CH5: IR Fundamentals and the CSIRT

Introduction

In the previous chapters, we focused on the architecture of resilience: analyzing risk, conducting business impact analyses, and building disaster recovery plans. We have spent weeks preparing for "what if." Now, we shift our focus to "what is happening."

This chapter marks the transition from Planning to Handling.

When defenses fail and an adversary successfully infiltrates a network, the organization relies on Incident Response (IR). IR is not a passive activity; it is active combat against a threat actor within the digital environment. To win this engagement, organizations cannot rely on ad-hoc efforts or heroic individuals. They require a structured framework, a specialized team (the CSIRT), and a rigorous system for tracking the battle (Case Management).

Learning Objectives

By the end of this chapter, you will be able to:

Differentiate between an "Event" and an "Incident" and explain the importance of proper classification.
Compare and contrast the NIST SP 800-61 and ISO/IEC 27035 incident response frameworks.
Analyze the 7-step Incident Response lifecycle and map it to the NIST 4-step federal standard.
Define the core roles within a CSIRT, distinguishing between the technical analysis of the Investigator and the strategic authority of the Incident Commander.
Apply the RACI model to an incident scenario to determine ownership and accountability across different departments.
Explain the critical components of Case Management, including Chain of Custody, evidence tracking, and decision logging.

5.1 Incident Response Frameworks

An Incident Response framework provides the lifecycle model that guides a security team from the moment an alarm triggers to the final lessons learned meeting.
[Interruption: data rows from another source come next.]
(* Every rectangle whose side lengths are positive integers can be domed.
   Context: All equilateral triangles have unit edge length. A polyiamond is a polygon that is a union of unit equilateral triangles (glued edge to edge). For a convex polygon $P$, $P$ can be (deltahedrally) domed if there is a convex polyhedron that has $P$ as one face and all of whose other faces are convex polyiamonds; the union of these other faces is the dome, and $P$ is its base. *)

From Stdlib Require Import Reals List.
Import ListNotations.
Open Scope R_scope.

Record pt := Pt { px : R; py : R; pz : R }.

Definition vadd (p q : pt) : pt := Pt (px p + px q) (py p + py q) (pz p + pz q).
Definition vsub (p q : pt) : pt := Pt (px p - px q) (py p - py q) (pz p - pz q).
Definition vscale (k : R) (p : pt) : pt := Pt (k * px p) (k * py p) (k * pz p).
Definition vzero : pt := Pt 0 0 0.
Definition dot (p q : pt) : R := px p * px q + py p * py q + pz p * pz q.
Definition cross (p q : pt) : pt :=
  Pt (py p * pz q - pz p * py q) (pz p * px q - px p * pz q) (px p * py q - py p * px q).
Definition dist (p q : pt) : R := sqrt (dot (vsub p q) (vsub p q)).

Definition pset := pt -> Prop.

Definition conv (l : list pt) : pset := fun x =>
  exists wl : list (R * pt),
    (forall wp, In wp wl -> 0 <= fst wp /\ In (snd wp) l) /\
    fold_right (fun wp s => fst wp + s) 0 wl = 1 /\
    x = fold_right (fun wp s => vadd (vscale (fst wp) (snd wp)) s) vzero wl.

(* A convex polyhedron: convex hull of finitely many points, not all coplanar
   (i.e. a full-dimensional convex polytope in R^3). *)
Definition convex_polyhedron (V : list pt) : Prop :=
  exists p0 p1 p2 p3, In p0 V /\ In p1 V /\ In p2 V /\ In p3 V /\
    dot (vsub p1 p0) (cross (vsub p2 p0) (vsub p3 p0)) <> 0.

(* F is a face (facet) of the convex body K: the intersection of K with a
   supporting plane, which is two-dimensional (contains three non-collinear
   points). *)
Definition is_face (K F : pset) : Prop :=
  exists (n : pt) (c : R), n <> vzero /\
    (forall x, K x -> dot n x <= c) /\
    (forall x, F x <-> (K x /\ dot n x = c)) /\
    exists p q r, F p /\ F q /\ F r /\ cross (vsub q p) (vsub r p) <> vzero.

Definition rectangle (o u v : pt) (a b : R) : pset := fun x =>
  exists s t, 0 <= s <= a /\ 0 <= t <= b /\
    x = vadd o (vadd (vscale s u) (vscale t v)).

Definition orthonormal (u v : pt) : Prop :=
  dot u u = 1 /\ dot v v = 1 /\ dot u v = 0.

Definition unit_triangle (T : pt * pt * pt) : Prop :=
  let '(p, q, r) := T in dist p q = 1 /\ dist q r = 1 /\ dist r p = 1.

Definition tri_region (T : pt * pt * pt) : pset :=
  let '(p, q, r) := T in conv [p; q; r].

Definition tri_vertices (T : pt * pt * pt) : list pt :=
  let '(p, q, r) := T in [p; q; r].

Definition edge_to_edge (T1 T2 : pt * pt * pt) : Prop :=
  (forall x, ~ (tri_region T1 x /\ tri_region T2 x)) \/
  (exists v, In v (tri_vertices T1) /\ In v (tri_vertices T2) /\
     forall x, (tri_region T1 x /\ tri_region T2 x) <-> x = v) \/
  (exists v w, v <> w /\ In v (tri_vertices T1) /\ In v (tri_vertices T2) /\
     In w (tri_vertices T1) /\ In w (tri_vertices T2) /\
     forall x, (tri_region T1 x /\ tri_region T2 x) <-> conv [v; w] x).

Definition polyiamond (F : pset) : Prop :=
  exists Ts : list (pt * pt * pt),
    (forall T, In T Ts -> unit_triangle T) /\
    (forall i j d, i <> j -> (i < length Ts)%nat -> (j < length Ts)%nat ->
        edge_to_edge (nth i Ts d) (nth j Ts d)) /\
    (forall x, F x <-> exists T, In T Ts /\ tri_region T x).

Definition convex_set (F : pset) : Prop :=
  forall x y t, F x -> F y -> 0 <= t <= 1 ->
    F (vadd (vscale (1 - t) x) (vscale t y)).

Definition convex_polyiamond (F : pset) : Prop := convex_set F /\ polyiamond F.

Definition domed_by (V : list pt) (P : pset) : Prop :=
  convex_polyhedron V /\ is_face (conv V) P /\
  forall F, is_face (conv V) F -> (forall x, F x <-> P x) \/ convex_polyiamond F.

(* For b <= a, the hip roof over the a x b rectangle with ridge from
   (b/2, b/2, b/sqrt 2) to (a - b/2, b/2, b/sqrt 2) is such a dome.  Each
   sloped face is spanned from a base corner by a unit base direction and a
   unit vector at 60 degrees to it, so it is a trapezoid (a triangle on the
   short sides) of a unit triangular lattice, tiled edge to edge by lattice
   triangles.  A plane supporting the roof through three non-collinear
   vertices is that of the base or of one of the four sloped faces, so these
   are all the faces.  For b > a, exchange the axes. *)

From Pilot Require Import Defs.
From Stdlib Require Import Reals List Lra Lia Classical FinFun.
Import ListNotations.
Open Scope R_scope.

(** * Convex hulls *)

Lemma pt_ext p q : px p = px q -> py p = py q -> pz p = pz q -> p = q.
Proof. destruct p, q; simpl; intros; subst; reflexivity. Qed.

Definition wsum (wl : list (R * pt)) : R := fold_right (fun wp s => fst wp + s) 0 wl.

Definition wcomb (wl : list (R * pt)) : pt :=
  fold_right (fun wp s => vadd (vscale (fst wp) (snd wp)) s) vzero wl.

Definition weights_on (l : list pt) (wl : list (R * pt)) : Prop :=
  forall wp, In wp wl -> 0 <= fst wp /\ In (snd wp) l.

Lemma weights_on_cons l w p wl :
  weights_on l ((w, p) :: wl) <-> (0 <= w /\ In p l) /\ weights_on l wl.
Proof.
  split.
  - intros H; split; [apply (H (w, p)); left; reflexivity|].
    intros wp Hwp; apply H; right; exact Hwp.
  - intros [Hp Hl] wp [<-|Hwp]; auto.
Qed.

Lemma dot_wcomb_cons n w p wl :
  dot n (wcomb ((w, p) :: wl)) = w * dot n p + dot n (wcomb wl).
Proof. unfold dot; simpl; ring. Qed.

Lemma dot_wcomb_le l n c wl :
  (forall v, In v l -> dot n v <= c) -> weights_on l wl ->
  dot n (wcomb wl) <= c * wsum wl.
Proof.
  intros Hl; induction wl as [|[w p] wl IH]; intros Hw.
  - unfold dot, wcomb, wsum; simpl; lra.
  - apply weights_on_cons in Hw as [[Hw0 Hp] Hw].
    rewrite dot_wcomb_cons; simpl.
    pose proof (Rmult_le_compat_l w _ _ Hw0 (Hl p Hp)).
    specialize (IH Hw); lra.
Qed.

Lemma conv_le l n c x :
  (forall v, In v l -> dot n v <= c) -> conv l x -> dot n x <= c.
Proof.
  intros Hl (wl & Hw & Hs & ->).
  pose proof (dot_wcomb_le l n c wl Hl Hw) as H.
  change (wsum wl = 1) in Hs; rewrite Hs in H; change (dot n (wcomb wl) <= c); lra.
Qed.

Lemma conv_eq l n c x :
  (forall v, In v l -> dot n v = c) -> conv l x -> dot n x = c.
Proof.
  intros Hl Hx.
  assert (Hn : forall y, dot (vscale (-1) n) y = - dot n y) by (intros; unfold dot; simpl; ring).
  pose proof (conv_le l n c x (fun v Hv => Req_le _ _ (Hl v Hv)) Hx).
  assert (dot (vscale (-1) n) x <= - c); [|rewrite Hn in *; lra].
  apply (conv_le l); auto; intros v Hv; rewrite Hn, Hl; auto; lra.
Qed.

Lemma conv_in l v : In v l -> conv l v.
Proof.
  intros Hv; exists [(1, v)]; split; [|split].
  - intros wp [<-|[]]; simpl; split; auto; lra.
  - simpl; ring.
  - apply pt_ext; simpl; ring.
Qed.

Lemma conv_incl l l' x : incl l l' -> conv l x -> conv l' x.
Proof.
  intros Hll' (wl & Hw & Hs & Hx); exists wl; split; auto.
  intros wp Hwp; destruct (Hw wp Hwp); auto.
Qed.

Lemma conv_ext l l' : incl l l' -> incl l' l -> forall x, conv l x <-> conv l' x.
Proof. split; apply conv_incl; auto. Qed.

(* A convex combination lying on a supporting plane puts zero weight on the
   vertices strictly below the plane. *)
Lemma wcomb_supported l l' n c wl :
  (forall v, In v l -> dot n v <= c) ->
  (forall v, In v l -> dot n v < c \/ In v l') ->
  weights_on l wl -> dot n (wcomb wl) = c * wsum wl ->
  exists wl', weights_on l' wl' /\ wsum wl' = wsum wl /\ wcomb wl' = wcomb wl.
Proof.
  intros Hle Hl'; induction wl as [|[w p] wl IH]; intros Hw Heq.
  - exists []; split; [intros ? []|split; reflexivity].
  - apply weights_on_cons in Hw as [[Hw0 Hp] Hw].
    rewrite dot_wcomb_cons in Heq; simpl in Heq.
    pose proof (dot_wcomb_le l n c wl Hle Hw).
    pose proof (Rmult_le_compat_l w _ _ Hw0 (Hle p Hp)).
    destruct (IH Hw) as (wl' & Hw' & Hs & Hc); [lra|].
    destruct (Hl' p Hp) as [Hlt|Hin].
    + assert (w = 0) as ->.
      { destruct (Rle_lt_or_eq _ _ Hw0) as [Hpos|]; auto.
        pose proof (Rmult_lt_compat_l w _ _ Hpos Hlt); lra. }
      exists wl'; split; auto; simpl; rewrite Hs, Hc; split; [ring|].
      apply pt_ext; simpl; ring.
    + exists ((w, p) :: wl'); split; [apply weights_on_cons; auto|].
      simpl; rewrite Hs, Hc; auto.
Qed.

Lemma conv_supported l l' n c x :
  (forall v, In v l -> dot n v <= c) ->
  (forall v, In v l -> dot n v < c \/ In v l') ->
  conv l x -> dot n x = c -> conv l' x.
Proof.
  intros Hle Hl' (wl & Hw & Hs & ->) Hx.
  change (wsum wl = 1) in Hs; change (dot n (wcomb wl) = c) in Hx.
  destruct (wcomb_supported l l' n c wl Hle Hl' Hw) as (wl' & Hw' & Hs' & Hc);
    [rewrite Hs; lra|].
  exists wl'; split; auto; split; [change (wsum wl' = 1); congruence | symmetry; exact Hc].
Qed.

Lemma wsum_app wl1 wl2 : wsum (wl1 ++ wl2) = wsum wl1 + wsum wl2.
Proof. induction wl1 as [|wp wl1 IH]; simpl; [ring|]; unfold wsum in *; rewrite IH; ring. Qed.

Lemma wcomb_app wl1 wl2 : wcomb (wl1 ++ wl2) = vadd (wcomb wl1) (wcomb wl2).
Proof.
  induction wl1 as [|wp wl1 IH]; simpl; [apply pt_ext; simpl; ring|].
  unfold wcomb in *; rewrite IH; apply pt_ext; simpl; ring.
Qed.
Without a framework, response efforts become chaotic, often resulting in "whack-a-mole" eradication attempts that alert the adversary without removing their access. This is where we continue to reference industry standards from NIST, specifically the NIST SP 800-61.

The 7-Step Incident Response Lifecycle

Before we align with specific government standards, it is critical to understand the granular steps of handling an attack. While many frameworks group these into broad phases, the operational reality of an incident often follows seven distinct stages.

We will explore each of these phases in deep detail in Chapters 6 through 11, but here is the high-level roadmap of the battle:

1. Preparation

The work done before the incident occurs to ensure the team is ready to fight. This is the most critical phase.
Examples: Writing policies, deploying EDR agents, configuring log retention, creating "break-glass" administrative accounts, and conducting tabletop exercises.

2. Detection

The process of recognizing that a security event has occurred and determining if it qualifies as an incident.
Examples: A SIEM alert triggers for "Impossible Travel," a user reports a phishing email, or an IDS signature fires on a SQL injection attempt.

3. Analysis

The forensic process of determining what happened, how they got in, and where they went. We identify the "scope" of the incident. This often happens in parallel with containment.
Examples: Analyzing RAM dumps for fileless malware, reviewing firewall logs to trace lateral movement, and identifying the "Patient Zero" vulnerability.

4. Containment

Now that we know the full scope, we can take immediate actions to stop the spread of the attack and prevent further damage. This is "applying the tourniquet."
Examples: Disconnecting a server from the network, disabling a compromised user account, or blocking an attacker's IP address at the firewall.

*5. Eradication

The complete removal of the threat from the environment.
Examples: Deleting malicious scheduled tasks, removing backdoors or maliciously created user accounts, and patching the vulnerability that allowed entry.

6. Recovery

Restoring systems to normal operation and validating they are safe to return to production.
Examples: Restoring data from clean backups, resetting passwords for all users, and monitoring the system closely for 48 hours to ensure the attacker doesn't return.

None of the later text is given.